Before going into this question, it is necessary to call out Section 16 CPC which reads as follows:
Section 16: Suits to be instituted, where subject-matter situate - Subject to the pecuniary or other limitations prescribed by any law, suits-
(a) for the recovery of immovable property with or without rent or profits,
(b) for the partition of immovable property,
(c) for foreclosure, sale or redemption in the case of a mortgage or of charge upon immovable property,
(d) for the determination of any other right to or interest in immovable property,
(e) for compensation for wrong to immovable property,
(f) for the recovery of movable property
actually under distraint or attachment, shall he instituted in the court within the local limits of whose jurisdiction the property is situate:
Provided that a suit to obtain, relief respecting, or compensation for wrong to, immovable property held by or on behalf of the defendant may, where the relief sought can be entirely obtained through his personal obedience, be instituted either in the Court within the local limits of whose jurisdiction the property is situate, or in the Court within the local limits of whose jurisdiction the defendant actually and voluntarily resides, or carries on business, or personally works for gain.
11. Proviso to Section 16 CPC declares that where the relief sought can be obtained through the personal obedience of the defendant, the suit can be instituted either in the court within whose jurisdiction the property is situated or in the court where the defendant actually or voluntarily resides, or carries on business, or personally works for gain.
12. Thus it is clear that though the court cannot, in case of immovable property situate beyond jurisdiction, grant a relief in ram still it can entertain a suit where relief sought can be obtained through the personal obedience of the defendant.
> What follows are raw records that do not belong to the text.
(* Project q(w, u, u k) onto the face below k: its top corner gets w k, all other points u k. *)
Lemma Delta_comm_of_agree_below (u w : 'I_(2 ^ n) -> A) (k : 'I_(2 ^ n)) : Dl u -> Dl w ->
  (forall j : 'I_(2 ^ n), j != k -> (forall i : 'I_n, bit j i -> bit k i) -> u j = w j) ->
  Delta_comm [set i : 'I_n | bit k i] (u k) (w k).
Proof.
move=> Du Dw uw.
have := Delta_map (fun i v => v && bit k i) (Delta_q Dw Du (Delta_const (u k))).
congr Dl; apply: functional_extensionality => p; rewrite /face_tuple.
set j := ord_of_bits _; case: ifP => [/forall_inP pk | npk].
  have -> : j = k.
    rewrite -[RHS]ord_of_bits_bit; congr ord_of_bits; apply: functional_extensionality => i.
    by case ki: (bit k i); rewrite ?andbT ?andbF // pk // inE.
  exact: malcevR q_malcev.
rewrite uw ?(malcevL _ _ q_malcev) // => [|i]; last by rewrite bit_ord_of_bits => /andP[].
apply: contraFN npk => /eqP jk; apply/forall_inP => i; rewrite inE => ki.
by have := bit_ord_of_bits (fun i => bit p i && bit k i) i; rewrite -/j jk ki andbT => <-.
Qed.

Lemma malcev_cube_rel gam k (tc : ('I_k -> bool) -> A) (c : 'I_k -> bool) :
  0 < k -> congruence B gam ->
  (forall c, (exists i : 'I_k, val i != k.-1 /\ c i = false) ->
     gam (tc (upd c false)) (tc (upd c true))) ->
  gam (q (mk3 (tc c) (tc (upd c false)) (tc (upd (fun _ => true) false))))
      (if [forall r, c r] then tc (fun _ => true) else tc (upd (fun _ => true) false)).
Proof.
move=> k_gt0 gam_cong step; have lt_last : k.-1 < k by rewrite ltn_predL.
pose last := Ordinal lt_last.
have updE (c' : 'I_k -> bool) v : c' last = v -> upd c' v = c'.
  move=> <-; apply: functional_extensionality => r; rewrite /upd.
  by case: eqP => // rk; congr c'; apply: val_inj.
case: ifP => [/forallP c1 | /forallPn [r cr]].
  have -> : c = fun _ => true by apply: functional_extensionality.
  by rewrite (malcevR _ _ q_malcev); apply: cong_refl gam_cong _.
case cl: (c last); last first.
  by rewrite updE // (malcevL _ _ q_malcev); apply: cong_refl gam_cong _.
have r_last : val r != k.-1.
  by apply: contraNneq cr => rk; rewrite (_ : r = last) ?cl //; exact: val_inj.
have := step c (ex_intro _ r (conj r_last (negbTE cr))); rewrite (updE c true) // => gc.
apply: (cong_trans gam_cong (y := q (mk3 (tc (upd c false)) (tc (upd c false))
  (tc (upd (fun=> true) false))))).
  apply: (cong_termop gam_cong (proj1 q_malcev)) => i; rewrite /mk3.
  case: (val i) => [|[|_]]; [exact: cong_sym gam_cong _ _ gc | exact: cong_refl gam_cong _..].
by rewrite (malcevL _ _ q_malcev); apply: cong_refl gam_cong _.
Qed.
Lemma knorm_gamma_curve (s : R) (w : H1) : 0 <= s -> knorm (gamma_curve s w) = s * knorm w.
Proof.
  intros Hs. pose proof (knorm_ge0 w).
  apply knorm_eq_of_pow4; [nra|].
  rewrite absz2_gamma_curve.
  replace ((s * knorm w) ^ 4) with (s ^ 4 * knorm w ^ 4) by ring.
  rewrite knorm_pow4. unfold gamma_curve, ht; simpl. ring.
Qed.

Lemma kdist_gamma_curve_pow4 (s : R) (w : H1) :
  kdist (gamma_curve s w) w ^ 4 =
  (absz2 w * (1 - 2 * s * cos (twist s w) + s ^ 2)) ^ 2
  + ((s ^ 2 - 1) * ht w + 2 * s * absz2 w * sin (twist s w)) ^ 2.
Proof.
  unfold kdist. rewrite knorm_pow4, gamma_curve_twist. generalize (twist s w). intros th.
  destruct w as [[x y] t]. unfold absz2, hmul, hinv, hx, hy, ht. cbn [fst snd].
  pose proof (cos2_sin2 th) as Hcs. f_equal; f_equal.
  - transitivity ((x ^ 2 + y ^ 2) * (s ^ 2 * (cos th ^ 2 + sin th ^ 2) - 2 * s * cos th + 1));
      [ring|].
    rewrite Hcs. ring.
  - ring.
Qed.

Section RadialEstimate.

Variables r t s th L : R.
Hypothesis r_pos : 0 < r.
Hypothesis rt_unit : r ^ 2 + t ^ 2 = 1.
Hypothesis s_range : 0 < s < 1.
Hypothesis th_r : th * r = t * L.
Hypothesis L_range : 1 - s <= L <= / s - 1.

Let e := 1 - s.
Let P := 1 - 2 * s * cos th + s ^ 2.
Let T := (s ^ 2 - 1) * t + 2 * s * r * sin th.
Let radial_bounds : Prop :=
  Rabs (r * P * (r + 2 * e)) <= 48 * e ^ 2 /\ Rabs (T * (r + 2 * e)) <= 24 * e ^ 2.

Let P_eq : P = e ^ 2 + 2 * s * (1 - cos th).
Proof. unfold P, e. ring. Qed.

Let P_ge0 : 0 <= P.
Proof. rewrite P_eq. pose proof (COS_bound th). unfold e. nra. Qed.

Let r_le1 : r <= 1.
Proof. nra. Qed.

Let t_bounds : -1 <= t <= 1.
Proof. nra. Qed.

Lemma radial_bounds_small_s :
  s <= 1 / 2 -> radial_bounds.
Proof.
  intros Hs. unfold radial_bounds. pose proof P_ge0. pose proof r_le1. pose proof t_bounds.
  pose proof (COS_bound th). pose proof (SIN_bound th).
  assert (He : 1 / 2 <= e <= 1) by (unfold e; lra).
  assert (HP : P <= 9 / 4) by (assert (0 <= s * (1 + cos th)) by nra; unfold P; nra).
  assert (HrP : 0 <= r * P <= 9 / 4) by (split; nra).
  assert (HT : -2 <= T <= 2).
  { assert (0 <= s * r <= 1 / 2) by nra. assert (0 <= 1 - s ^ 2 <= 1) by nra.
    unfold T. nra. }
  split; apply Rabs_le; split; nra.
Qed.

Let L_le_2e : 1 / 2 < s -> L <= 2 * e.
Proof.
  intros Hs. assert (/ s - 1 = e / s) by (unfold e; field; lra).
  assert (e / s <= 2 * e).
  { apply Rmult_le_reg_r with s; [lra|].
    unfold Rdiv. rewrite Rmult_assoc, Rinv_l by lra. unfold e. nra. }
  lra.
Qed.
Lemma gap_lower_bound : does_phase_retrieval conj absK mu xt ->
  exists2 c, 0 < c & forall u v, ip u v = 0 -> c * (hn u + hn v) ^+ 2 <= gap u v.
Proof.
move=> PR; have [w0 _ w0_min] := closed_ball_min continuous_ambiguity.
exists (ambiguity w0) => [|u v uv]; first exact: ambiguity_gt0.
set S := hn u + hn v; have S0 : 0 <= S by rewrite addr_ge0 ?hnorm_ge0.
have [->|Sn0] := eqVneq S 0; first by rewrite expr0n /= mulr0 gap_ge0.
have Sp : 0 < S by rewrite lt_neqAle eq_sym Sn0.
have [w [uw vw w1]] := pair_onto (ofR S^-1 *: u) (ofR S^-1 *: v).
have hnS z : hn (ofR S^-1 *: z) = S^-1 * hn z by rewrite hnormZ absR ger0_norm ?invr_ge0.
have S1 : hn (ofR S^-1 *: u) + hn (ofR S^-1 *: v) = 1 by rewrite !hnS -mulrDr mulVf.
have amb_w : ambiguity w = S^-1 ^+ 2 * gap u v.
  by rewrite /ambiguity uw vw S1 subrr normr0 addr0 ipZl ipZr uv !mulr0 abs0 addr0 gapZ.
have := w0_min w; rewrite -S1 amb_w => /(_ w1) le.
apply: le_trans (ler_wpM2r (sqr_ge0 S) le) _.
by rewrite mulrAC -exprMn mulVf // expr1n mul1r.
Qed.


Lemma stable_of_phase_retrieval : does_phase_retrieval conj absK mu xt ->
  exists C, 0 < C /\ does_stable_phase_retrieval conj absK mu C xt.
Proof.
move=> PR; have [c c0 lower] := gap_lower_bound PR.
have C0 : 0 < 3 * Num.sqrt B / c by rewrite divr_gt0 ?mulr_gt0 ?sqrtr_gt0.
exists (3 * Num.sqrt B / c); split => // x y.
set N := Lnorm _ _ _; have N0 : (0 <= N)%E by exact: Lnorm_ge0.
have [Noo|Nfin] := eqVneq N +oo%E.
  by exists 1; rewrite abs1 Noo gt0_muley ?lte_fin ?leey.
have ND : N = (fine N)%:E by rewrite fineK // ge0_fin_numE // ltey.
set D := fine N in ND.
have : 0 <= D by rewrite -lee_fin -ND.
rewrite le0r => /orP[/eqP D0|Dp].
  have [lam [lam1 xlam]] := PR x y (ae_absTheta_Lnorm_eq0 (etrans ND (congr1 _ D0))).
  by exists lam; rewrite xlam subrr hnorm0 mule_ge0 // lee_fin ltW.
have xyD : (\int[mu]_t ((Th x t - Th y t) ^+ 2)%:E = (D ^+ 2)%:E)%E.
  by rewrite -Lnorm2_sqr -/N ND poweR_EFin powR_mulrn ?(ltW Dp).
have [lam lam1 le] := exists_phase_dist_le c0 lower Dp xyD.
by exists lam; rewrite ND -EFinM lee_fin.
Qed.

End Parametrization.
End Frame.
Theorem lemma10 (C : numClosedFieldType) (k : nat) (n : 'I_k -> nat)
  (hn : forall i, (0 < n i)%N)
  (S : fin_spectral_triple C n) (D : 'M[C]_(fst_N S))
  (hD : @is_dirac C k n S D) :
  let xi := xi C n in
  let P := @Pblk C k n in
  let xih := @piD1 C k n S D xi in
  xih *m xih = \sum_(i < k) fst_pi S (P i) *m (xih *m xih) *m fst_pi S (P i) ->
  [/\ @eqOmega2 C k n S D
        (flatten [seq rmul2 (lmul2 (P i) (mul11 xi xi)) (P i) | i <- enum 'I_k])
        (mul11 xi xi),
      @eqOmega2 C k n S D (d1 xi) (mul11 xi xi ++ mul11 xi xi),
      (forall w : uform1 C n,
         @eqOmega2 C k n S D (d1 w) (mul11 xi w ++ mul11 w xi)) &
      @eqOmega2 C k n S D (curvature (scale1 (-2) xi)) [::]].
Proof.
move=> xi P xih; rewrite /xih (pi_xi hn hD) => flat.
split; [exact: (blockdiag_xi_sqr hn hD flat) | exact: (d1_xi hn hD flat)
       | exact: (d1_graded_comm_xi hn hD flat)
       | exact: (curvature_m2xi hn hD flat)].
Qed.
The proviso to Section 16 is an exception to the main part of the Section, and it is applied where the relief sought could entirely be obtained by personal obedience of the defendant.
13. In the instant case, the reliefs sought for by the plaintiff before the court-below could entirely be obtained by personal obedience of the defendant No. 1 and other defendants. Therefore the court-below has jurisdiction to try the suit filed by the plaintiff.
14. The trial court in paragraph 10 of the impugned order has culled out Section 16 CPC but has failed to consider proviso to Section 16 CPC. The trial Court admits that the cause of action to file suit arose within its jurisdiction. The court-below ought to have considered the proviso to Section 16 CPC but failed to do so. Further as per Section 20 CPC, suit may be instituted in a court within whose jurisdiction the defendant resides or carries on business or personally works for gain or cause of action totally or partly arises. Therefore in view of the fact that M/s. Renuka Lakshmi Granite is a partnership firm situated at Bangalore and the other defendants namely respondent No. 1 and respondent Mo. 4 are also residents of Bangalore, the appellant-plaintiff has rightly filed the suit in Bangalore and the courts at Bangalore have right to try the suit under Section 16(d) of CPC. No doubt Courts at Chitradurga had jurisdiction to try the instant suit but in view of Section 16(d) CPC read with proviso to Section 16 CPC and Section 20 CPC, the Courts at Bangalore also have jurisdiction to try the instant suit. Hence, the appeal is to be allowed by setting aside the impugned order passed by the trial court.
15. For the foregoing reasons, the appeal is allowed. The order under challenge dated 4.7.2003 passed in OS No. 7762/2000 by the XXVII Addl. city civil Judge, Bangalore is hereby set aside and. the trial Court is directed to dispose of the suit as expeditiously as possible.